Las clases de gimnasia no me gustaban. Aquello de saltar vallas, correr, estirar, flexionar y esprintar me sacaba de quicio. No había ni rastro de ejercicios con pelota. Ningún ejercicio en equipo. Todo se basaba en la individualidad. Cada vez que sonaba el silbato, debíamos cambiar de ejercicio y, si te equivocabas, cincuenta flexiones de castigo. Mientras las hacías ante el monitor, el resto podía descansar, por lo que se fomentaba la competencia al desear que el otro, cualquiera, se equivocase para poder reposar y respirar aunque fuera un minuto. El sonido del agua se escuchaba por el torrente de las fuentes, pero estaba prohibido beber. La teníamos ahí, cerca, pero si te veían acudir a ella a refrescarte, estabas castigado. Solo cuando finalizaba la clase y el monitor nos daba permiso para beber. Si tuviera que definir la Fénix en dos palabras diría cemento y agua.

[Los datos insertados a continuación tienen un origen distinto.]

(* Let $p>1$ and $\lambda_0\in\mathbb{C}$. The map $Q_{\lambda_0}:L^p(F)[t]\to W^{k,p}(E)[t]$ is a right inverse of $P_{\lambda_0}:W^{k,p}(E)[t]\to L^p(F)[t]$, i.e. $P_{\lambda_0}Q_{\lambda_0}=\mathrm{Id}$ on $L^p(F)[t]$.
   Context: $X$ is a compact manifold, $E,F\to X$ Hermitian vector bundles with connections, and $P(D_t)=\sum_{l=0}^kA_{k-l}(x,\partial_x)D_t^l$ a translation-invariant elliptic operator of order $k$ on $\mathbb{R}\times X$ ($D_t=-i\partial_t$), with $P(\lambda)=\sum_lA_{k-l}\lambda^l$ and resolvent $R(\lambda)=P(\lambda)^{-1}:L^p(F)\to W^{k,p}(E)$, meromorphic in $\lambda$. Near $\lambda_0$ write $R(\lambda)=\sum_{m\ge-d(\lambda_0)}R_m(\lambda_0)(\lambda-\lambda_0)^m$, where $d(\lambda_0)$ is the pole order ($0$ if $\lambda_0$ is not a root). $W^{k,p}(E)[t]$ and $L^p(F)[t]$ denote sections over $\mathbb{R}\times X$ polynomial in $t$ with coefficients in these spaces. $P_{\lambda_0}(D_t)=e^{-i\lambda_0t}P(D_t)e^{i\lambda_0t}=\sum_{n\ge0}\frac1{n!}\frac{\partial^nP}{\partial\lambda^n}(\lambda_0)D_t^n$. $D_t^{-1}$ is the endomorphism of $L^p(F)[t]$ sending $\frac{(it)^j}{j!}v$ to $\frac{(it)^{j+1}}{(j+1)!}v$, and $D_t^{m}$ for $m<0$ means $(D_t^{-1})^{-m}$. Define $Q_{\lambda_0}=\sum_{m\ge-d(\lambda_0)}R_m(\lambda_0)D_t^m$ (a finite sum on each polynomial). *)

From HB Require Import structures.
From mathcomp Require Import all_boot all_order all_algebra.
From mathcomp Require Import complex.
From mathcomp Require Import all_classical all_reals all_analysis.
Import numFieldNormedType.Exports.
Import Order.TTheory GRing.Theory Num.Theory.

Estaba cansado después de la clase de gimnasia y, al ir a las duchas, me sorprendió que un vigilante permaneciera mirándonos. Era también un tipo rapado. Tenía el mentón y los pómulos marcados y vestía una camiseta ajustadísima a través de la cual se le marcaban las abdominales como a los boxeadores que había visto en la tele alguna vez. Cuando Geoffrey, un chico que a primera vista parecía iba de listo, se quitó la camiseta y la lanzó al suelo en señal de enfado, el monitor se acercó, lo cogió del brazo y lo mandó limpiar todos los retretes, los nuestros y los de las chicas, sin ni siquiera ducharse y ante su atenta vigilancia. Eran duchas abiertas. Todos nos mojábamos bajo el chorro de agua en silencio, como si aquella presencia no nos permitiera hablar. Querían reformarnos en serio y no nos quitaban ojo. Los chorros de agua eran abundantes. Recordé mis entrenamientos, cuando tenía trece o catorce años y los jugadores de mi equipo de fútbol nos duchábamos, nos hacíamos bromas y tonteábamos con las toallas. Nada de eso se nos permitía en la Fénix. Bastaba la mirada de aquel vigilante para mantener el silencio y el orden. No sé si era más inquietante que amenazador, o viceversa.

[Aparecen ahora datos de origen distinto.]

(* Let $\sigma$ be any satisfaction function, i.e., any assignment that gives, for every participatory budgeting instance $I=\langle P,c,b\rangle$, a function $\sigma: 2^{P}\to\mathbb{R}_{\geq 0}$ that is inclusion-monotonic ($\sigma(Q)\geq\sigma(Q')$ whenever $Q'\subseteq Q\subseteq P$) and satisfies $\sigma(Q)=0$ if and only if $Q=\emptyset$. Then there exist a participatory budgeting instance $I=\langle P,c,b\rangle$ and a profile $\mathbf{A}=(A_1,\ldots,A_n)$ of approval ballots such that no feasible budget allocation $\pi\subseteq P$ with $c(\pi)\leq b$ satisfies strong extended justified representation for $\sigma$ (Strong-EJR$[\sigma]$).
   Context: A participatory budgeting instance is a triple $I=\langle P,c,b\rangle$ where $P$ is a finite set of projects, $c:P\to\mathbb{R}_{>0}$ is a cost function, and $b\in\mathbb{R}_{>0}$ is the budget limit, with $c(p)\leq b$ for all $p\in P$; for $Q\subseteq P$ write $c(Q)=\sum_{p\in Q}c(p)$. A feasible budget allocation is a set $\pi\subseteq P$ with $c(\pi)\leq b$. There is a set of voters $N=\{1,\ldots,n\}$; an approval ballot of voter $i$ is a function $A_i:P\to\{0,1\}$ ($A_i(p)=1$ means $i$ approves $p$), and a profile is $\mathbf{A}=(A_1,\ldots,A_n)$. For a satisfaction function $\sigma$, the satisfaction of voter $i$ for a set $Q\subseteq P$ is $\sigma_i(Q)=\sigma(\{p\in Q: A_i(p)=1\})$. For $Q\subseteq P$, a non-empty group of voters $S\subseteq N$ is $Q$-cohesive if every voter in $S$ approves every project in $Q$ and $\frac{|S|}{n}\cdot b\geq c(Q)$. A feasible budget allocation $\pi$ satisfies Strong-EJR$[\sigma]$ if for every $Q\subseteq P$ and every $Q$-cohesive group $S$, we have $\sigma_i(\pi)\geq\sigma_i(Q)$ for all $i\in S$. *)

From mathcomp Require Import all_boot all_order all_algebra.
Set Implicit Arguments. Unset Strict Implicit. Unset Printing Implicit Defensive.
Import Order.TTheory GRing.Theory Num.Theory.
Local Open Scope ring_scope.

Definition cost (R : realFieldType) (m : nat) (c : 'I_m -> R) (Q : {set 'I_m}) : R :=
  \sum_(p in Q) c p.

Definition pb_instance (R : realFieldType) (m : nat) (c : 'I_m -> R) (b : R) : Prop :=
  0 < b /\ forall p : 'I_m, 0 < c p /\ c p <= b.

Definition satisfaction_function (R : realFieldType)
  (sigma : forall m : nat, ('I_m -> R) -> R -> {set 'I_m} -> R) : Prop :=
  forall (m : nat) (c : 'I_m -> R) (b : R), pb_instance c b ->
    (forall Q : {set 'I_m}, 0 <= sigma m c b Q) /\
    (forall Q Q' : {set 'I_m}, Q' \subset Q -> sigma m c b Q' <= sigma m c b Q) /\
    (forall Q : {set 'I_m}, sigma m c b Q = 0 <-> Q = set0).

Definition feasible (R : realFieldType) (m : nat) (c : 'I_m -> R) (b : R)
  (pi : {set 'I_m}) : Prop := cost c pi <= b.

(* A i = set of projects approved by voter i *)
Definition cohesive (R : realFieldType) (m n : nat) (c : 'I_m -> R) (b : R)
  (A : 'I_n -> {set 'I_m}) (Q : {set 'I_m}) (S : {set 'I_n}) : Prop :=
  S != set0 /\ (forall i, i \in S -> Q \subset A i) /\
  (#|S|%:R / n%:R) * b >= cost c Q.

(* sigma_i(Q) = sigma({p in Q : A_i(p) = 1}) *)
Definition strong_EJR (R : realFieldType)
  (sigma : forall m : nat, ('I_m -> R) -> R -> {set 'I_m} -> R)
  (m n : nat) (c : 'I_m -> R) (b : R) (A : 'I_n -> {set 'I_m})
  (pi : {set 'I_m}) : Prop :=
  feasible c b pi /\
  forall (Q : {set 'I_m}) (S : {set 'I_n}), cohesive c b A Q S ->
    forall i, i \in S -> sigma m c b (Q :&: A i) <= sigma m c b (pi :&: A i).

From mathcomp Require Import all_boot all_order all_algebra.
Import Order.TTheory GRing.Theory Num.Theory.
Local Open Scope ring_scope.

(** Take n >= 2 projects of equal cost a, with a budget b < 2a that still
    pays for a project out of the share (n-1)/n of any n-1 voters, and let
    voter i approve every project but the i-th.  A feasible allocation has at
    most one project, say within {i}, so voter i gets nothing from it.  But
    for any q <> i the n-1 voters other than q form a {q}-cohesive group
    containing i, and i approves q: Strong-EJR would force
    sigma({q}) <= sigma(empty), contradicting sigma(Q) = 0 <-> Q = empty. *)

Lemma cost_cst (R : realFieldType) (m : nat) (a : R) (Q : {set 'I_m}) :
  cost (fun=> a) Q = #|Q|%:R * a.
Proof. by rewrite /cost sumr_const mulr_natl. Qed.

Lemma satisfaction_le_set0 {R : realFieldType}
    {sigma : forall m : nat, ('I_m -> R) -> R -> {set 'I_m} -> R}
    {m : nat} {c : 'I_m -> R} {b : R} {Q : {set 'I_m} } :
  satisfaction_function sigma -> pb_instance c b ->
  sigma m c b Q <= sigma m c b set0 -> Q = set0.
Proof.
move=> sigmaP /sigmaP [ge0 [_ eq0]] le0; apply/eq0.
by apply/le_anti; rewrite ge0 andbT -((eq0 set0).2 erefl).
Qed.

Lemma card_le1_sub_set1 {T : finType} (x0 : T) (A : {set T}) :
  (#|A| <= 1)%N -> exists x, A \subset [set x].
Proof.
move=> /card_le1P A1; have [->|[x xA]] := set_0Vmem A.
  by exists x0; rewrite sub0set.
by exists x; apply/subsetP => y; rewrite (A1 x xA) inE.
Qed.

Lemma setC1_ord_neq0 {n : nat} (i : 'I_n) : (1 < n)%N -> [set~ i] != set0.
Proof.
by move=> n_gt1; rewrite -card_gt0 cardsC1 card_ord -ltnS prednK // ltnW.
Qed.

Section AllButOne.

Variables (R : realFieldType) (n : nat) (a b : R).
Hypotheses (n_gt1 : (1 < n)%N) (b_lt2a : b < a *+ 2).

Let c : 'I_n -> R := fun=> a.

Lemma feasible_cst_card_le1 (pi : {set 'I_n}) :
  0 < a -> feasible c b pi -> (#|pi| <= 1)%N.
Proof.
move=> a_gt0; rewrite /feasible /c cost_cst => pi_le_b; rewrite leqNgt; apply/negP.
move=> pi_gt1; have := le_lt_trans pi_le_b b_lt2a.
by rewrite -(mulr_natl a 2) ltr_pM2r // ltr_nat ltnNge pi_gt1.
Qed.

Lemma cohesive_all_but (q : 'I_n) :
  a <= (n.-1)%:R / n%:R * b ->
  cohesive c b (fun i => [set~ i]) [set q] [set~ q].
Proof.
move=> a_le; split; last split.
- exact: setC1_ord_neq0.
- by move=> i; rewrite sub1set !inE eq_sym.
- by rewrite /c cost_cst cards1 mul1r cardsC1 card_ord.
Qed.

Lemma all_but_not_strong_EJR
    (sigma : forall m : nat, ('I_m -> R) -> R -> {set 'I_m} -> R)
    (pi : {set 'I_n}) :
  satisfaction_function sigma -> pb_instance c b ->
  a <= (n.-1)%:R / n%:R * b ->
  feasible c b pi -> ~ strong_EJR sigma c b (fun i => [set~ i]) pi.
Proof.
move=> sigmaP inst a_le pi_feas [_ EJR].
pose i0 : 'I_n := Ordinal (ltnW n_gt1).
have a_gt0 : 0 < a by case: (inst.2 i0).
have [i pi_sub] := card_le1_sub_set1 i0 _ (feasible_cst_card_le1 _ a_gt0 pi_feas).
have /set0Pn [q] := setC1_ord_neq0 i n_gt1; rewrite !inE => qi.
have pi_Ai_eq0 : pi :&: [set~ i] = set0.
  by apply/eqP; rewrite -setDE setD_eq0.
have := EJR _ _ (cohesive_all_but q a_le) i; rewrite !inE eq_sym qi pi_Ai_eq0.
move=> /(_ isT) /(satisfaction_le_set0 sigmaP inst) /setP /(_ q).
by rewrite !inE eqxx qi.
Qed.

End AllButOne.

Theorem mainTheorem1 (R : realFieldType)
  (sigma : forall m : nat, ('I_m -> R) -> R -> {set 'I_m} -> R) :
  satisfaction_function sigma ->
  exists (m : nat) (c : 'I_m -> R) (b : R) (n : nat) (A : 'I_n -> {set 'I_m}),
    pb_instance c b /\ (0 < n)%N /\
    forall pi : {set 'I_m}, cost c pi <= b -> ~ strong_EJR sigma c b A pi.
Proof.
move=> sigmaP.
have inst : pb_instance (fun _ : 'I_3 => 2 : R) 3.
  by split=> // p; split; rewrite ?ltr_nat ?ler_nat.
exists 3%N, (fun=> 2), 3, 3%N, (fun i => [set~ i]); split=> //; split=> // pi.
apply: all_but_not_strong_EJR => //.
- by rewrite -mulrnA ltr_nat.
- by rewrite -mulrA mulVf ?mulr1 ?pnatr_eq0.
Qed.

Todavía hoy me sorprendo de que siga con vida.
Lo más fácil en la Fénix era sentirse solo. El miedo que te inculcaban bastaba para que nadie quisiera apandillarse con nadie. Podía más el miedo que las ganas de integrarse o socializar. Conocer a Iris me permitió tener una confidente. Después de dos días sin hablar con nadie, me vino bien. Para un corazón roto como el que yo tenía al ingresar en la Fénix, encontrar alguien con quien compartir la pesadumbre del momento fue como un bálsamo. Aunque ella dormía en el barracón de las chicas y yo en el de los chicos, ambos se comunicaban por un largo y estrecho pasillo donde estaban los baños y las duchas. Los barracones eran unas amplias alas que contaban con habitaciones sin puertas y con cuatro literas. Cada mañana, a las seis y media nos despertaban con un timbre ensordecedor. A decir verdad, yo estaba despierto mucho antes, me desvelaba con facilidad y, cuando sonaba el estruendoso timbre, mi cabeza ya estaba dando vueltas: al pasado, a Laura, a todo lo que nos estaba prohibido utilizar en la Fénix (el iPod, el móvil, los cigarros, el alcohol), a mis padres, a los meses que me faltaban para cumplir los dieciocho y poder hacer mi vida y, por supuesto, a los días que faltaban para salir de la Fénix. Porque en mi mente tenía dibujado un calendario y cada día que pasaba era como un alivio inmenso. Sin embargo, ese alivio no podía con el suplicio de ver en el calendario imaginado los días de los dos meses que quedaban amontonándose en una larga hilera.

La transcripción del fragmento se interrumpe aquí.